After you write all of your tests, have at least one other pair check your tests before you begin coding. Ensure that every possible functionality is represented by a test, and that they are ordered from simplest to most complex.
Place your tests in your project's README.
Now you're ready to start writing (and passing tests). Here's the process:
Starting with the first test you wrote for the simplest possible piece of functionality, write the smallest amount of code needed to get the test passing.
Test the code in the DevTools console.
Once the test is passing, commit your code.
Repeat the cycle above for each test. Do not move onto the next test until the previous one passes.
Once you've completed your business logic, feel free to add a user interface so you can run your application in the browser. Do not add a UI until after you've written and tested all business logic.

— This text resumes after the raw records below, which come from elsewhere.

(* Let $d\in\mathbb{N}$ and let $\mathcal{P}$ be a partition of $\mathbb{R}^{d}$ with the adjacent-or-far property. Suppose there exists $D\in(0,\infty)$ such that $\operatorname{diam}(X)<D$ for all $X\in\mathcal{P}$. Then $\mathcal{P}$ contains a $(d+1)$-clique.
   Context: On $\mathbb{R}^d$ use $d_{max}(\vec{x},\vec{y})=\max_i|x_i-y_i|$ and $\operatorname{diam}(X)=\sup\{d_{max}(\vec{x},\vec{y}):\vec{x},\vec{y}\in X\}$. Members $X,Y$ of $\mathcal{P}$ are adjacent if $\overline{X}\cap\overline{Y}\neq\emptyset$ (closures); an $n$-clique is a set of $n$ distinct pairwise adjacent members. $\mathcal{P}$ has the adjacent-or-far property if there exists $\epsilon\in(0,\infty)$ such that for all $X,Y\in\mathcal{P}$, either $X$ and $Y$ are adjacent or $d_{max}(\vec{x},\vec{y})>\epsilon$ for all $\vec{x}\in X$, $\vec{y}\in Y$. *)

From HB Require Import structures.
From mathcomp Require Import all_boot all_order all_algebra.
From mathcomp Require Import all_classical all_reals.
From mathcomp Require Import ereal.
Set Implicit Arguments. Unset Strict Implicit. Unset Printing Implicit Defensive.
Import Order.TTheory GRing.Theory Num.Theory.
Local Open Scope classical_set_scope.
Local Open Scope ring_scope.

Section Defs.
Variables (R : realType) (d : nat).
Notation pt := ('I_d -> R).

Definition dmax (x y : pt) : R := \big[Num.max/0]_(i < d) `|x i - y i|.

Definition diam (X : set pt) : \bar R :=
  ereal_sup [set (dmax xy.1 xy.2)%:E | xy in [set xy : pt * pt | X xy.1 /\ X xy.2]].

Definition mclosure (X : set pt) : set pt :=
  [set x | forall e : R, 0 < e -> exists2 y, X y & dmax x y < e].

Definition is_partition (P : set (set pt)) : Prop :=
  (forall X, P X -> X !=set0) /\
  (forall X Y, P X -> P Y -> X <> Y -> X `&` Y = set0) /\
  (forall x : pt, exists2 X, P X & X x).

Definition adjacent (X Y : set pt) : Prop := mclosure X `&` mclosure Y !=set0.

Definition adjacent_or_far (P : set (set pt)) : Prop :=
  exists2 eps : R, 0 < eps & forall X Y, P X -> P Y ->
    adjacent X Y \/ (forall x y, X x -> Y y -> eps < dmax x y).

Definition has_clique (P : set (set pt)) (n : nat) : Prop :=
  exists C : 'I_n -> set pt, injective C /\ (forall i, P (C i)) /\
    (forall i j, i != j -> adjacent (C i) (C j)).
End Defs.

(* Lay the grid of mesh eps (the adjacent-or-far constant) over the cube
   [0, (n+1) eps]^d, where (n+1) eps >= D.  Every grid point p gets the label
   of its cell X: the largest i+1 such that X meets the hyperplane x_i = 0, or
   0 if there is none.  On x_i = 0 the label is > i, and on x_i = (n+1) eps it
   is <> i+1, since a cell of diameter < D cannot meet both hyperplanes.  These
   are the boundary conditions of Kuhn's cubical Sperner lemma, which yields
   d+1 grid points of one simplex of Kuhn's triangulation carrying all the
   labels 0, ..., d.  Their cells are distinct, because the label depends only
   on the cell, and pairwise at distance <= eps, hence adjacent.
   Kuhn's lemma is proved by descending induction on j: the number of fully
   labelled simplices of the face x_0 = ... = x_(j-1) = 0 is odd.  Its parity
   equals that of the number of doors (facets labelled j+1, ..., d); these are
   paired by an involution whose fixed points are the fully labelled simplices
   of the next face. *)

From mathcomp Require Import all_boot all_order all_algebra fingroup perm zify.
From mathcomp Require Import boolp.
Set Implicit Arguments. Unset Strict Implicit. Unset Printing Implicit Defensive.

Lemma odd_sum_congr (I : finType) (P : pred I) (F G : I -> nat) :
  (forall i, P i -> odd (F i) = odd (G i)) ->
  odd (\sum_(i | P i) F i) = odd (\sum_(i | P i) G i).
Proof.
move=> FG; apply: (big_ind2 (fun a b => odd a = odd b)) => // a a' b b' aa' bb'.
by rewrite !oddD aa' bb'.
Qed.

Lemma odd_card_involution (T : finType) (f : T -> T) (A : {set T}) :
  {in A, forall x, f x \in A} -> {in A, involutive f} ->
  odd #|A| = odd #|[set x in A | f x == x]|.
Proof.
move=> fA fK; have [m] := ubnP #|A|.
elim: m A fA fK => // m IHm A fA fK ltAm.
case: (boolP [exists x in A, f x != x]) => [/exists_inP [x xA fx_x]|]; last first.
  rewrite negb_exists_in => /forall_inP fixA.
  suff -> : [set x in A | f x == x] = A by [].
  by apply/setP => x; rewrite inE andb_idr // => /fixA; rewrite negbK.
have fxA := fA x xA; have ffx := fK x xA.
have fx_neq_x : (f x == x) = false by exact/negbTE.
set B := A :\ x :\ f x.
have cardA : #|A| = #|B|.+2.
  by rewrite (cardsD1 x A) xA (cardsD1 (f x) (A :\ x)) !inE fx_neq_x fxA.
have fB : {in B, forall y, f y \in B}.
  move=> y; rewrite !inE => /and3P [yfx yx yA]; rewrite fA // andbT.
  apply/andP; split.
    by apply: contraNneq yx => fy_fx; rewrite -(fK y yA) fy_fx ffx.
  by apply: contraNneq yfx => fy_x; rewrite -(fK y yA) fy_x.
have fKB : {in B, involutive f} by move=> y; rewrite !inE => /and3P [_ _ /fK].
rewrite cardA /= negbK (IHm B fB fKB); last by move: ltAm; rewrite cardA; lia.
suff -> : [set y in B | f y == y] = [set y in A | f y == y] by [].
apply/setP => y; rewrite !inE.
case: (eqVneq y (f x)) => [->|_] /=; first by rewrite ffx eq_sym fx_neq_x andbF.
by case: (eqVneq y x) => [->|_] /=; rewrite ?fx_neq_x ?andbF.
Qed.

Section Doors.
Variables (I L : finType) (g : I -> L) (S : {set L}) (a0 : L).
Hypotheses (a0S : a0 \in S) (card_IS : #|I| = #|S|) (gS : forall k, g k \in S).

Definition doors := [set k | S :\ a0 \subset g @: [set~ k]].

Lemma imsetT_sub : g @: setT \subset S.
Proof. by apply/subsetP => _ /imsetP [x _ ->]. Qed.

Lemma card_doors_onto : S \subset g @: setT -> #|doors| = 1.
Proof.
move=> onto; have imS : g @: setT = S by apply/eqP; rewrite eqEsubset imsetT_sub onto.
have g_inj : {in setT &, injective g} by apply/imset_injP; rewrite imS cardsT card_IS.
have /imsetP [k0 _ gk0] : a0 \in g @: setT by rewrite imS.
suff -> : doors = [set k0] by rewrite cards1.
apply/setP => k; rewrite !inE; case: (eqVneq k k0) => [->|kk0].
  apply/subsetP => b; rewrite !inE => /andP [ba0]; rewrite -imS => /imsetP [x _ bx].
  by apply/imsetP; exists x; rewrite // !inE; apply: contraNneq ba0 => xk0; rewrite bx xk0 gk0.
apply/negP => /subsetP/(_ (g k)); rewrite !inE gS andbT.
have gk_a0 : g k != a0.
  by apply: contra kk0 => /eqP gk; apply/eqP/g_inj; rewrite ?inE // gk.
move=> /(_ gk_a0)/imsetP [x]; rewrite !inE => xk /g_inj kx.
by rewrite kx ?inE ?eqxx in xk.
Qed.

Lemma card_doors_not_cover : ~~ (S :\ a0 \subset g @: setT) -> #|doors| = 0.
Proof.
move=> not_cover; apply/eqP; rewrite cards_eq0; apply/eqP/setP => k; rewrite !inE.
by apply: contraNF not_cover => /subset_trans; apply; apply: imsetS; apply: subsetT.
Qed.

Lemma imset_D1_dup (A : {set I}) k k' :
  k' \in A :\ k -> g k = g k' -> g @: A \subset g @: (A :\ k).
Proof.
move=> k'A gkk'; apply/subsetP => _ /imsetP [x xA ->]; apply/imsetP.
case: (eqVneq x k) => [->|xk]; first by exists k'.
by exists x; rewrite // !inE xk.
Qed.

Lemma card_doors_miss :
  ~~ (S \subset g @: setT) -> S :\ a0 \subset g @: setT -> #|doors| = 2.
Proof.
move=> not_onto cover.
have imS : g @: setT = S :\ a0.
  apply/eqP; rewrite eqEsubset cover andbT; apply/subsetP => y yim.
  rewrite !inE (subsetP imsetT_sub _ yim) andbT; apply: contraNneq not_onto => ya0.
  apply/subsetP => b bS; case: (eqVneq b a0) => [->|ba0]; first by rewrite -ya0.
  by apply: (subsetP cover); rewrite !inE ba0.
have card_im : #|g @: setT| = #|I|.-1 by rewrite imS card_IS (cardsD1 a0 S) a0S.
have /injectivePn [k1 [k2 k12 g12]] : ~~ injectiveb g.
  apply/injectiveP => /(card_imset setT); rewrite card_im cardsT.
  have : 0 < #|I| by rewrite card_IS (cardsD1 a0) a0S.
  lia.
suff -> : doors = [set k1; k2] by rewrite cards2 k12.
apply/setP => k; rewrite /doors !inE -imS.
case: (eqVneq k k1) => [->|kk1] /=.
  by rewrite -setTD; apply: imset_D1_dup g12; rewrite !inE eq_sym k12.
case: (eqVneq k k2) => [->|kk2] /=.
  by rewrite -setTD; apply: imset_D1_dup (esym g12); rewrite !inE k12.
(* A third door k would leave #|I| - 2 indices covering the #|I| - 1 values. *)
apply/negP => /subset_trans/(_ (imset_D1_dup (k := k1) _ g12)).
rewrite !inE (eq_sym k2) k12 (eq_sym k2) kk2 => /(_ isT)/subset_leq_card.
move/leq_trans/(_ (leq_imset_card _ _)); rewrite card_im.
have := cardsD1 k1 [set~ k]; rewrite !inE (eq_sym k1) kk1 cardsC1; lia.
Qed.

Lemma odd_card_doors : odd #|doors| = (S \subset g @: setT).
Proof.
case: (boolP (S \subset g @: setT)) => [/card_doors_onto -> //|not_onto].
case: (boolP (S :\ a0 \subset g @: setT)) => [cover|/card_doors_not_cover -> //].
by rewrite card_doors_miss.
Qed.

When you get to consonants, don't try to solve it all at once. Instead, start with an example of a word that only has one consonant. Next, try a word with two consonants. Finally, work your way up to a word with three consonants. After you've written passing tests for this code, tackle the exceptions to the rule like "qu" and "y". Then, when your application can successfully translate single words, work on translating entire sentences.
Here are a few methods that you may want to consider for solving this problem. Note that there are plenty of other ways to solve this problem, too!
Take a look at this and other documentation to gather the tools you'll need before you try to fulfill your specs.
We haven't covered regular expressions yet because we want you to primarily focus on looping. But if you want to try out regular expressions and you are comfortable with looping, now is your chance to refactor Pig Latin using regular expressions as described in the lesson Further Exploration: Introduction to Regular Expressions.
Note: Once again, do not worry about using regex if you are still trying to understand loops. You do not need to use regex on any code reviews!
Binary: Write a method to convert numbers from binary to decimal. The input should be a string, and the output an integer. Decimal is the normal system we use for counting. We start at 0, increment until we reach 9, and then reset back to 0 and add another number to the left. In binary, we also start at zero, but we only increment until we reach 1. Then we reset back to zero and add another number to the left. Write specs, implement the smallest possible piece of functionality, and don't move onto the next test until the previous test is passing.
Here are some example of numbers in decimal and binary:
Decimal Binary 0 0 1 1 2 10 3 11 4 100 ... ...
Trinary: You get where I'm going, right?
Hexadecimal: Here's what happens after 9...
Decimal Hexadecimal ... ... 9 9 10 a 11 b 12 c 13 d 14 e 15 f 16 10 17 11 ... ...
If you get this far, write a method that takes two arguments: the number to be evaluated and the base you would like it to be evaluated in.